Convert Sorted Array to Balanced Binary Search Tree
Given an array where elements are sorted in ascending order, convert it to a height balanced BST.
http://www.lintcode.com/en/problem/convert-sorted-array-to-binary-search-tree-with-minimal-height/
Solution
借鉴binary search的思想。

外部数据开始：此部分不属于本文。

(* Let $A_o,A_i\in\mathbb R^{n_y\times n_x}$, let $B_o,B_i\in\mathbb R^{n_y\times n_y}$ and $C_o,C_i\in\mathbb R^{n_x\times n_x}$ be invertible. The outer inclusion $y\in\{(A_o+B_o\Delta C_o)x:\|\Delta\|\le1\}$ contains the inner inclusion $y\in\{(A_i+B_i\Delta C_i)x:\|\Delta\|\le1\}$ if and only if $$\|\tilde A+\tilde B\Delta\tilde C\|\le 1\quad\text{for all }\Delta\in\mathbb C^{n_y\times n_x}\text{ with }\|\Delta\|\le1,$$ where $\tilde B=B_o^{-1}B_i$, $\tilde A=B_o^{-1}(A_i-A_o)C_o^{-1}$, $\tilde C=C_iC_o^{-1}$.
   Context: $\|\cdot\|$ is the spectral norm. The outer inclusion contains the inner one if every pair $(x,y)\in\mathbb C^{n_x}\times\mathbb C^{n_y}$ satisfying the inner inclusion also satisfies the outer inclusion. *)

From HB Require Import structures.
From mathcomp Require Import all_boot all_order all_algebra.
From mathcomp Require Import complex.
From mathcomp Require Import boolp classical_sets reals.
Set Implicit Arguments. Unset Strict Implicit. Unset Printing Implicit Defensive.
Import Order.TTheory GRing.Theory Num.Theory.
Local Open Scope ring_scope.
Local Open Scope complex_scope.

Definition vnorm (R : realType) (n : nat) (x : 'cV[R[i]]_n) : R :=
  Num.sqrt (\sum_(k < n) (@complex.Re R (x k ord0) ^+ 2 + @complex.Im R (x k ord0) ^+ 2)).

Definition specnorm (R : realType) (m n : nat) (M : 'M[R[i]]_(m, n)) : R :=
  sup [set r : R | exists x : 'cV[R[i]]_n, vnorm x <= 1 /\ r = vnorm (M *m x)].

Definition cmx (R : realType) (m n : nat) (M : 'M[R]_(m, n)) : 'M[R[i]]_(m, n) :=
  map_mx (fun r => r%:C) M.

Definition incl (R : realType) (ny nx : nat)
  (A : 'M[R]_(ny, nx)) (B : 'M[R]_ny) (C : 'M[R]_nx)
  (x : 'cV[R[i]]_nx) (y : 'cV[R[i]]_ny) : Prop :=
  exists Delta : 'M[R[i]]_(ny, nx),
    specnorm Delta <= 1 /\ y = (cmx A + cmx B *m Delta *m cmx C) *m x.

From HB Require Import structures.
From mathcomp Require Import all_boot all_order all_algebra.
From mathcomp Require Import complex.
From mathcomp Require Import boolp classical_sets reals.
Set Implicit Arguments. Unset Strict Implicit. Unset Printing Implicit Defensive.
Import Order.TTheory GRing.Theory Num.Theory Num.Def.
Local Open Scope ring_scope.

(* Put z := Co x and w := Bo^-1 (y - Ao x). The outer inclusion holds at (x, y)
   iff some contraction maps z to w, iff |w| <= |z|: by Cauchy-Schwarz the
   rank-one matrix w z^* / |z|^2 is such a contraction. The inner inclusion
   with parameter Delta produces exactly w = (A~ + B~ Delta C~) z, so the
   containment says that every such matrix is a contraction, i.e. has spectral
   norm at most 1. *)

Section ColumnDot.
Variables (C : numClosedFieldType) (n : nat).

Fact hermitianmx1 : (1 : 'M[C]_1) \is hermitianmx _ false conjC.
Proof. by rewrite qualifE /= expr0 scale1r trmx1 map_mx1. Qed.

(* Columns are [n x 1] matrices, so the standard inner product is the matrix
   form of the [1 x 1] identity. *)
Definition cvdot : 'cV[C]_n -> 'cV[C]_n -> C :=
  form_of_matrix conjC (HermitianMx hermitianmx1).

HB.instance Definition _ := Hermitian.copy cvdot
  (@form_of_matrix C 1 conjC n (HermitianMx hermitianmx1)).

Local Notation "''[' u , v ]" := (cvdot u v).
Local Notation "''[' u ]" := (cvdot u u).

Lemma cvdotE u v : '[u, v] = \sum_k u k 0 * (v k 0)^*.
Proof.
rewrite /cvdot /form_of_matrix /= mulmx1 /mxtrace; apply: eq_bigr => k _.
by rewrite !mxE big_ord1 !mxE.
Qed.

Lemma cvdot_normE u : '[u] = \sum_k `|u k 0| ^+ 2.
Proof. by rewrite cvdotE; apply: eq_bigr => k _; rewrite normCK. Qed.

Fact cvdot_gt0 u : u != 0 -> 0 < '[u].
Proof.
move=> nz_u; rewrite cvdot_normE lt_def sumr_ge0 ?andbT // => [|k _]; last first.
  exact: exprn_ge0.
apply: contra nz_u => /eqP/psumr_eq0P u0; apply/eqP/matrixP => k j.
rewrite (ord1 j) mxE; apply/eqP; rewrite -normr_eq0 -sqrf_eq0.
by rewrite u0 // => i _; apply: exprn_ge0.
Qed.

HB.instance Definition _ := isDotProduct.Build C 'cV[C]_n cvdot cvdot_gt0.

End ColumnDot.

Notation "''[' u , v ]" := (cvdot u v) : ring_scope.
Notation "''[' u ]" := (cvdot u u) : ring_scope.

Section ColumnDotTheory.
Variable C : numClosedFieldType.

Lemma cvdot_ge0 n (u : 'cV[C]_n) : 0 <= '[u].
Proof. exact: dnorm_ge0. Qed.

Lemma dnorm_mulmx_le m n (M : 'M[C]_(m, n)) x :
  '[M *m x] <= (\sum_i '[\col_j (M i j)^*]) * '[x].
Proof.
rewrite cvdot_normE mulr_suml; apply: ler_sum => i _.
have -> : (M *m x) i 0 = '[x, \col_j (M i j)^*].
  by rewrite mxE cvdotE; apply: eq_bigr => j _; rewrite mxE conjCK mulrC.
by rewrite mulrC; apply: (CauchySchwarz (@cvdot C n)).
Qed.

Definition rank_one_mx m n (w : 'cV[C]_m) (z : 'cV[C]_n) : 'M[C]_(m, n) :=
  w *m (map_mx conjC z)^T.

Lemma rank_one_mxE m n (w : 'cV[C]_m) (z u : 'cV[C]_n) :
  rank_one_mx w z *m u = '[u, z] *: w.
Proof.
rewrite /rank_one_mx -mulmxA [_ *m u]mx11_scalar mul_mx_scalar cvdotE mxE.
by congr (_ *: _); apply: eq_bigr => k _; rewrite !mxE mulrC.
Qed.

Lemma dnorm_rank_one_le m n (w : 'cV[C]_m) (z u : 'cV[C]_n) :
  '[rank_one_mx w z *m u] <= '[w] * '[z] * '[u].
Proof.
rewrite rank_one_mxE dnormZ mulrC -mulrA ler_wpM2l ?cvdot_ge0 //.
by rewrite mulrC; apply: (CauchySchwarz (@cvdot C n)).
Qed.

End ColumnDotTheory.

Section SpectralNorm.
Variable R : realType.
Local Notation C := R[i].
Local Open Scope complex_scope.

Lemma vnorm_ge0 n (u : 'cV[C]_n) : 0 <= vnorm u.
Proof. exact: sqrtr_ge0. Qed.

Lemma vnorm_sqrE n (u : 'cV[C]_n) : (vnorm u ^+ 2)%:C = '[u].
Proof.
rewrite sqr_sqrtr; last by apply: sumr_ge0 => k _; rewrite addr_ge0 ?sqr_ge0.
rewrite rmorph_sum cvdot_normE; apply: eq_bigr => k _.
by rewrite normc_def -rmorphXn sqr_sqrtr // addr_ge0 ?sqr_ge0.
Qed.

Lemma vnorm_le n (u : 'cV[C]_n) (r : R) :
  0 <= r -> (vnorm u <= r) = ('[u] <= (r ^+ 2)%:C).
Proof. by move=> r0; rewrite -ler_sqr ?nnegrE ?vnorm_ge0 // -lecR vnorm_sqrE. Qed.

Lemma vnorm_le1 n (u : 'cV[C]_n) : (vnorm u <= 1) = ('[u] <= 1).
Proof. by rewrite vnorm_le // expr1n. Qed.

Lemma specnorm_le1P m n (M : 'M[C]_(m, n)) :
  specnorm M <= 1 <-> forall z, '[M *m z] <= '[z].
Proof.
split=> [M1 | contrM]; last first.
  apply: ge_sup => [|_ [x [x1 ->]]].
    by exists (vnorm (M *m 0)), 0; rewrite vnorm_le1 linear0l ler01.
  by rewrite vnorm_le1 (le_trans (contrM x)) -?vnorm_le1.
(* [sup] of an unbounded set is [0]: the image of the unit ball must be
   shown to be bounded first. *)
pose F := \sum_i vnorm (\col_j (M i j)^*) ^+ 2.
have F0 : 0 <= F by apply: sumr_ge0 => i _; apply: sqr_ge0.
have FE : F%:C = \sum_i '[\col_j (M i j)^*].
  by rewrite rmorph_sum; apply: eq_bigr => i _; apply: vnorm_sqrE.
have bounded : has_ubound
    [set r | exists x : 'cV[C]_n, vnorm x <= 1 /\ r = vnorm (M *m x)].
  exists (Num.sqrt F) => _ [x [x1 ->]].
  rewrite vnorm_le ?sqrtr_ge0 // sqr_sqrtr // -[F%:C]mulr1.
  apply: le_trans (dnorm_mulmx_le M x) _.
  by rewrite FE ler_wpM2l -?vnorm_le1 // sumr_ge0 // => i _; apply: cvdot_ge0.
have ball1 z : '[z] <= 1 -> '[M *m z] <= 1.
  move=> z1; rewrite -vnorm_le1; apply: le_trans M1.
  by apply: (ub_le_sup bounded); exists z; split; rewrite ?vnorm_le1.
move=> z; have [->|nz_z] := eqVneq z 0; first by rewrite mulmx0 !linear0l.
have z_gt0 : 0 < '[z] by rewrite dnorm_gt0.
pose c := (sqrtC '[z])^-1.
have c2 : `|c| ^+ 2 = '[z]^-1.
  by rewrite normfV ger0_norm ?sqrtC_ge0 ?cvdot_ge0 // exprVn sqrtCK.
have := ball1 (c *: z); rewrite -scalemxAr !dnormZ c2 mulVf ?gt_eqF //.
by move=> /(_ (lexx 1)); rewrite mulrC ler_pdivrMr // mul1r.
Qed.

Lemma contraction_extension m n (z : 'cV[C]_n) (w : 'cV[C]_m) :
  '[w] <= '[z] -> exists D : 'M[C]_(m, n), specnorm D <= 1 /\ D *m z = w.
Proof.
move=> wz; have [z0|nz_z] := eqVneq z 0.
  exists 0; split.
    by apply/specnorm_le1P => u; rewrite mul0mx linear0l cvdot_ge0.
  apply/esym/eqP; rewrite mul0mx -(dnorm_eq0 (@cvdot C m)) eq_le cvdot_ge0 andbT.
  by rewrite z0 linear0l in wz.
have z_gt0 : 0 < '[z] by rewrite dnorm_gt0.
exists ('[z]^-1 *: rank_one_mx w z); split; last first.
  by rewrite -scalemxAl rank_one_mxE scalerA mulVf ?gt_eqF ?scale1r.
apply/specnorm_le1P => u; rewrite -scalemxAl dnormZ normfV ger0_norm ?cvdot_ge0 //.
apply: le_trans (ler_wpM2l _ (dnorm_rank_one_le w z u)) _.
  by rewrite exprn_ge0 // invr_ge0 ltW.
rewrite exprVn mulrC ler_pdivrMr ?exprn_gt0 // [leRHS]mulrC expr2.
by rewrite !ler_wpM2r ?cvdot_ge0.
Qed.

End SpectralNorm.

Lemma normalized_perturbation_mulmx (F : comUnitRingType) m n (D : 'M[F]_(m, n))
    (ao ai : 'M[F]_(m, n)) (bo bi : 'M[F]_m) (co ci : 'M[F]_n)
    p (x : 'M[F]_(n, p)) :
  co \in unitmx ->
  (invmx bo *m (ai - ao) *m invmx co + invmx bo *m bi *m D *m (ci *m invmx co))
    *m (co *m x)
  = invmx bo *m ((ai + bi *m D *m ci) *m x - ao *m x).
Proof.
move=> uco; rewrite mulmxDl -!mulmxA !(mulKmx uco) -mulmxDr; congr (_ *m _).
by rewrite mulmxBl mulmxDl !mulmxA addrAC.
Qed.

Lemma incl_dnormP (R : realType) ny nx (A : 'M[R]_(ny, nx)) B Cm x y :
  B \in unitmx ->
  incl A B Cm x y <-> '[invmx (cmx B) *m (y - cmx A *m x)] <= '[cmx Cm *m x].
Proof.
move=> uB; have ucB : cmx B \in unitmx by rewrite map_unitmx.
split=> [[D [D1 ->]] | le_w_z].
  rewrite mulmxDl addrAC subrr add0r -!mulmxA mulKmx //.
  exact: (specnorm_le1P D).1 D1 _.
have [D [D1 eD]] := contraction_extension le_w_z.
by exists D; split => //; rewrite mulmxDl -!mulmxA eD mulKVmx // addrC subrK.
Qed.

Theorem lemma1 (R : realType) (ny nx : nat)
  (Ao Ai : 'M[R]_(ny, nx)) (Bo Bi : 'M[R]_ny) (Co Ci : 'M[R]_nx) :
  Bo \in unitmx -> Bi \in unitmx -> Co \in unitmx -> Ci \in unitmx ->
  (forall (x : 'cV[R[i]]_nx) (y : 'cV[R[i]]_ny),
      incl Ai Bi Ci x y -> incl Ao Bo Co x y)
  <->
  (forall Delta : 'M[R[i]]_(ny, nx),
      specnorm Delta <= 1 ->
      specnorm (cmx (invmx Bo *m (Ai - Ao) *m invmx Co)
                + cmx (invmx Bo *m Bi) *m Delta *m cmx (Ci *m invmx Co)) <= 1).
Proof.
move=> uBo _ uCo _.
have ucCo : cmx Co \in unitmx by rewrite map_unitmx.
rewrite /cmx !(map_mxM, map_mxB, map_invmx) -!/(cmx _).
split=> [sub D D1 | contr x y [D [D1 ->]]].
  apply/specnorm_le1P => z; rewrite -[z](mulKVmx ucCo) normalized_perturbation_mulmx //.
  apply/incl_dnormP/sub => //; exists D; split => //.
apply/incl_dnormP => //.
have := (specnorm_le1P _).1 (contr D D1) (cmx Co *m x).
by rewrite normalized_perturbation_mulmx.
Qed.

O(n) runtime, O(log n) stack space – Divide and conquer。
class Solution {
public:
/**
* @param A: A sorted (increasing order) array
* @return: A tree node
*/
TreeNode *sortedArrayToBST(vector<int> &A) {
// write your code here
TreeNode *root = NULL;
if (A.size() == 0)
return root;
root = bst(A, 0, A.size()-1);
}
private:
TreeNode *bst(vector<int> &A, int start, int end) {
if(start == end) {
return (new TreeNode(A[start]));
}
if(start > end) return NULL; //刚开始是忘记了这句,那当start>end的时候就退出不了了。
int mid = start+(end-start)/2;
TreeNode *root = new TreeNode(A[mid]);
// int tmp = mid-1<start ? start : mid-1;//新的end是可能小于start的,见上句。
int tmp = mid-1;
root->left = bst(A, start, tmp);
//tmp = mid+1 > end ? end : mid+1;
tmp = mid+1;
root->right = bst(A, tmp, end);
return root;
}
};
以上是自顶向下的构建BST,也可以自底向上的构建。
TreeNode *helper(vector<int> &A, int start, int end) {
if(start > end) return NULL;
if(start == end) return new TreeNode(A[start]);
int mid = start + (end - start) /2;
TreeNode *left = helper(A, start, mid-1); //find left child in the left part the A
TreeNode *root = new TreeNode(A[mid]);
root->left = left;
root->right = helper(A, mid+1, end);
return root;
}